_WHAT YOU ARE ASKED TO DO_
Starting at the first line, copy the data below through to the end, exactly.

[Records excerpted from a collection]

Lemma phiK_Psq_factor (K t s y : R) :
  0 <= s -> 0 <= y ->
  phi (- K) 1 t (Psq (s, y)) =
  (1 + K) * s * phi (-1) 1 t (s, y) - ((s - 1) ^ 2 + y ^ 2) * ((K - s) * (s + 1) - y ^ 2).
Proof.
  intros Hs Hy. rewrite phi_unit_nonneg_im by exact Hy.
  unfold phi. rewrite Psq_pair; simpl. rewrite Rabs_right by nra. ring.
Qed.

(** * Boundaries of sublevel sets *)

Lemma continuous_Cmod (w : C) : continuous Cmod w.
Proof. exact (filterlim_norm (K := C_AbsRing) (V := C_NormedModule) w). Qed.

(* Dispatch on the head symbol: applying [continuous_mult] blindly makes unification
   unfold [Rminus] and diverge. *)
Ltac solve_continuous :=
  repeat match goal with
  | |- continuous (fun z => @?f z - @?g z) _ =>
      apply (continuous_minus (K := R_AbsRing) (V := R_NormedModule) f g)
  | |- continuous (fun z => @?f z + @?g z) _ =>
      apply (continuous_plus (K := R_AbsRing) (V := R_NormedModule) f g)
  | |- continuous (fun z => @?f z * @?g z) _ =>
      apply (continuous_mult (K := R_AbsRing) f g)
  | |- continuous (fun z => sqrt (@?f z)) _ =>
      apply (continuous_comp f sqrt); [| apply continuous_sqrt]
  | |- continuous (fun z => Rabs (@?f z)) _ =>
      apply (continuous_comp f Rabs); [| apply continuous_Rabs]
  | |- continuous (fun z => Cmod z) _ => apply continuous_Cmod
  | |- continuous (fun z => fst z) (_, _) => apply continuous_fst
  | |- continuous (fun z => snd z) (_, _) => apply continuous_snd
  | |- continuous (fun _ => _) _ => apply continuous_const
  end.
Lemma Pc_evec K l : Pc K a b (evec l) = Ppol K a b (xw m m) (xw m l).
Proof. by rewrite /Pc cabs_evec xw_W xw_X. Qed.

Lemma Pterm_xw_T i l : i != l -> Pterm (xw m i) (xw m l) (tidx l) = a l.
Proof.
move=> hil; rewrite !xw_X Pterm_T /psiT !coordE !ffunE eqxx eq_sym (negbTE hil).
by lia.
Qed.

End BinomialGenerators.

Section CoefficientSum.
Variables (K : fieldType) (n : nat) (s : seq 'X_{1..n}).
Hypothesis s_uniq : uniq s.
Implicit Types (p g : {mpoly K[n]}) (A B : 'X_{1..n}).

Definition coef_sum g : K := \sum_(N <- s) g@_N.

Lemma coef_sumB g1 g2 : coef_sum (g1 - g2) = coef_sum g1 - coef_sum g2.
Proof. by rewrite /coef_sum -sumrB; apply: eq_bigr => N _; rewrite mcoeffB. Qed.

Lemma coef_sum_sum (I : Type) (r : seq I) (F : I -> {mpoly K[n]}) :
  coef_sum (\sum_(x <- r) F x) = \sum_(x <- r) coef_sum (F x).
Proof. by rewrite /coef_sum exchange_big /=; apply: eq_bigr => N _; rewrite raddf_sum. Qed.

Lemma coef_sumX A : coef_sum 'X_[A] = (A \in s)%:R.
Proof.
rewrite /coef_sum; have [hA|hA] := boolP (A \in s).
  rewrite (bigD1_seq A) //= mcoeffX eqxx big1 ?addr0 // => N /negbTE.
  by rewrite mcoeffX eq_sym => ->.
by rewrite big1_seq // => N /andP[_ hN]; rewrite mcoeffX; case: eqP hN hA => // -> ->.
Qed.

Lemma coef_sumMX p A :
  coef_sum (p * 'X_[A]) = \sum_(t <- msupp p) p@_t * ((t + A)%MM \in s)%:R.
Proof.
rewrite {1}(mpolyE p) mulr_suml coef_sum_sum; apply: eq_bigr => t _.
rewrite -scalerAl -mpolyXD -coef_sumX /coef_sum mulr_sumr.
by apply: eq_bigr => N _; rewrite mcoeffZ.
Qed.

Lemma coef_sum_binomial p A B :
  (forall t, ((t + A)%MM \in s) = ((t + B)%MM \in s)) ->
  coef_sum (p * ('X_[A] - 'X_[B])) = 0.
Proof.
move=> hAB; rewrite mulrBr coef_sumB !coef_sumMX.
by apply/eqP; rewrite subr_eq0; apply/eqP; apply: eq_bigr => t _; rewrite hAB.
Qed.

End CoefficientSum.

Lemma coef_sum_lm (K : fieldType) m (s : seq 'X_{1..nS m}) (g : {mpoly K[nS m]}) :
  uniq s -> lm g \in s -> (forall N, N \in s -> N != lm g -> mlt_tau (lm g) N) ->
  coef_sum s g = g@_(lm g).
Proof.
move=> s_uniq hlm hup; rewrite /coef_sum (bigD1_seq (lm g)) //= big1_seq ?addr0 //.
move=> N /andP[hNlm hN].
apply/eqP; rewrite -[_ == 0]negbK -mcoeff_msupp.
exact: contraL (@lm_max _ _ g N) (hup N hN hNlm).
Qed.

Lemma bounded_mnm_enum n (P : pred 'X_{1..n}) B :
  (forall N, P N -> forall i, N i <= B)%N -> exists2 s, uniq s & s =i P.
Proof.
move=> hB; exists [seq val N | N <- enum (fun N : 'X_{1..n < (n * B).+1} => P N)].
  by rewrite map_inj_uniq ?enum_uniq //; apply: val_inj.
move=> N; apply/mapP/idP => [[N' hN' ->]|hN]; first by rewrite mem_enum in hN'.
have hdeg : (mdeg N < (n * B).+1)%N.
  rewrite ltnS mdegE -[n in (_ <= n * B)%N]card_ord -sum_nat_const.
  by apply: leq_sum => i _; apply: hB.
by exists (BMultinom hdeg); rewrite ?mem_enum.
Qed.

Section Ideals.
Variables (K : fieldType) (m : nat).
Local Notation n := (nS m).
Implicit Types (G H I : {mpoly K[n]} -> Prop) (f g p : {mpoly K[n]}).

Lemma ideal_genD G f1 f2 : ideal_gen G f1 -> ideal_gen G f2 -> ideal_gen G (f1 + f2).
Proof.
move=> [s1 [h1 ->]] [s2 [h2 ->]]; exists (s1 ++ s2); split; last by rewrite big_cat.
by move=> q; rewrite mem_cat => /orP[/h1|/h2].
Qed.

_SOLUTION TO THIS EXERCISE_
Lemma phiK_Psq_factor (K t s y : R) :
  0 <= s -> 0 <= y ->
  phi (- K) 1 t (Psq (s, y)) =
  (1 + K) * s * phi (-1) 1 t (s, y) - ((s - 1) ^ 2 + y ^ 2) * ((K - s) * (s + 1) - y ^ 2).
Proof.
  intros Hs Hy. rewrite phi_unit_nonneg_im by exact Hy.
  unfold phi. rewrite Psq_pair; simpl. rewrite Rabs_right by nra. ring.
Qed.

(** * Boundaries of sublevel sets *)

Lemma continuous_Cmod (w : C) : continuous Cmod w.
Proof. exact (filterlim_norm (K := C_AbsRing) (V := C_NormedModule) w). Qed.

(* Dispatch on the head symbol: applying [continuous_mult] blindly makes unification
   unfold [Rminus] and diverge. *)
Ltac solve_continuous :=
  repeat match goal with
  | |- continuous (fun z => @?f z - @?g z) _ =>
      apply (continuous_minus (K := R_AbsRing) (V := R_NormedModule) f g)
  | |- continuous (fun z => @?f z + @?g z) _ =>
      apply (continuous_plus (K := R_AbsRing) (V := R_NormedModule) f g)
  | |- continuous (fun z => @?f z * @?g z) _ =>
      apply (continuous_mult (K := R_AbsRing) f g)
  | |- continuous (fun z => sqrt (@?f z)) _ =>
      apply (continuous_comp f sqrt); [| apply continuous_sqrt]
  | |- continuous (fun z => Rabs (@?f z)) _ =>
      apply (continuous_comp f Rabs); [| apply continuous_Rabs]
  | |- continuous (fun z => Cmod z) _ => apply continuous_Cmod
  | |- continuous (fun z => fst z) (_, _) => apply continuous_fst
  | |- continuous (fun z => snd z) (_, _) => apply continuous_snd
  | |- continuous (fun _ => _) _ => apply continuous_const
  end.
Lemma Pc_evec K l : Pc K a b (evec l) = Ppol K a b (xw m m) (xw m l).
Proof. by rewrite /Pc cabs_evec xw_W xw_X. Qed.

Lemma Pterm_xw_T i l : i != l -> Pterm (xw m i) (xw m l) (tidx l) = a l.
Proof.
move=> hil; rewrite !xw_X Pterm_T /psiT !coordE !ffunE eqxx eq_sym (negbTE hil).
by lia.
Qed.

End BinomialGenerators.

Section CoefficientSum.
Variables (K : fieldType) (n : nat) (s : seq 'X_{1..n}).
Hypothesis s_uniq : uniq s.
Implicit Types (p g : {mpoly K[n]}) (A B : 'X_{1..n}).

Definition coef_sum g : K := \sum_(N <- s) g@_N.

Lemma coef_sumB g1 g2 : coef_sum (g1 - g2) = coef_sum g1 - coef_sum g2.
Proof. by rewrite /coef_sum -sumrB; apply: eq_bigr => N _; rewrite mcoeffB. Qed.

Lemma coef_sum_sum (I : Type) (r : seq I) (F : I -> {mpoly K[n]}) :
  coef_sum (\sum_(x <- r) F x) = \sum_(x <- r) coef_sum (F x).
Proof. by rewrite /coef_sum exchange_big /=; apply: eq_bigr => N _; rewrite raddf_sum. Qed.

Lemma coef_sumX A : coef_sum 'X_[A] = (A \in s)%:R.
Proof.
rewrite /coef_sum; have [hA|hA] := boolP (A \in s).
  rewrite (bigD1_seq A) //= mcoeffX eqxx big1 ?addr0 // => N /negbTE.
  by rewrite mcoeffX eq_sym => ->.
by rewrite big1_seq // => N /andP[_ hN]; rewrite mcoeffX; case: eqP hN hA => // -> ->.
Qed.

Lemma coef_sumMX p A :
  coef_sum (p * 'X_[A]) = \sum_(t <- msupp p) p@_t * ((t + A)%MM \in s)%:R.
Proof.
rewrite {1}(mpolyE p) mulr_suml coef_sum_sum; apply: eq_bigr => t _.
rewrite -scalerAl -mpolyXD -coef_sumX /coef_sum mulr_sumr.
by apply: eq_bigr => N _; rewrite mcoeffZ.
Qed.

Lemma coef_sum_binomial p A B :
  (forall t, ((t + A)%MM \in s) = ((t + B)%MM \in s)) ->
  coef_sum (p * ('X_[A] - 'X_[B])) = 0.
Proof.
move=> hAB; rewrite mulrBr coef_sumB !coef_sumMX.
by apply/eqP; rewrite subr_eq0; apply/eqP; apply: eq_bigr => t _; rewrite hAB.
Qed.

End CoefficientSum.

Lemma coef_sum_lm (K : fieldType) m (s : seq 'X_{1..nS m}) (g : {mpoly K[nS m]}) :
  uniq s -> lm g \in s -> (forall N, N \in s -> N != lm g -> mlt_tau (lm g) N) ->
  coef_sum s g = g@_(lm g).
Proof.
move=> s_uniq hlm hup; rewrite /coef_sum (bigD1_seq (lm g)) //= big1_seq ?addr0 //.
move=> N /andP[hNlm hN].
apply/eqP; rewrite -[_ == 0]negbK -mcoeff_msupp.
exact: contraL (@lm_max _ _ g N) (hup N hN hNlm).
Qed.

Lemma bounded_mnm_enum n (P : pred 'X_{1..n}) B :
  (forall N, P N -> forall i, N i <= B)%N -> exists2 s, uniq s & s =i P.
Proof.
move=> hB; exists [seq val N | N <- enum (fun N : 'X_{1..n < (n * B).+1} => P N)].
  by rewrite map_inj_uniq ?enum_uniq //; apply: val_inj.
move=> N; apply/mapP/idP => [[N' hN' ->]|hN]; first by rewrite mem_enum in hN'.
have hdeg : (mdeg N < (n * B).+1)%N.
  rewrite ltnS mdegE -[n in (_ <= n * B)%N]card_ord -sum_nat_const.
  by apply: leq_sum => i _; apply: hB.
by exists (BMultinom hdeg); rewrite ?mem_enum.
Qed.

Section Ideals.
Variables (K : fieldType) (m : nat).
Local Notation n := (nS m).
Implicit Types (G H I : {mpoly K[n]} -> Prop) (f g p : {mpoly K[n]}).

Lemma ideal_genD G f1 f2 : ideal_gen G f1 -> ideal_gen G f2 -> ideal_gen G (f1 + f2).
Proof.
move=> [s1 [h1 ->]] [s2 [h2 ->]]; exists (s1 ++ s2); split; last by rewrite big_cat.
by move=> q; rewrite mem_cat => /orP[/h1|/h2].
Qed.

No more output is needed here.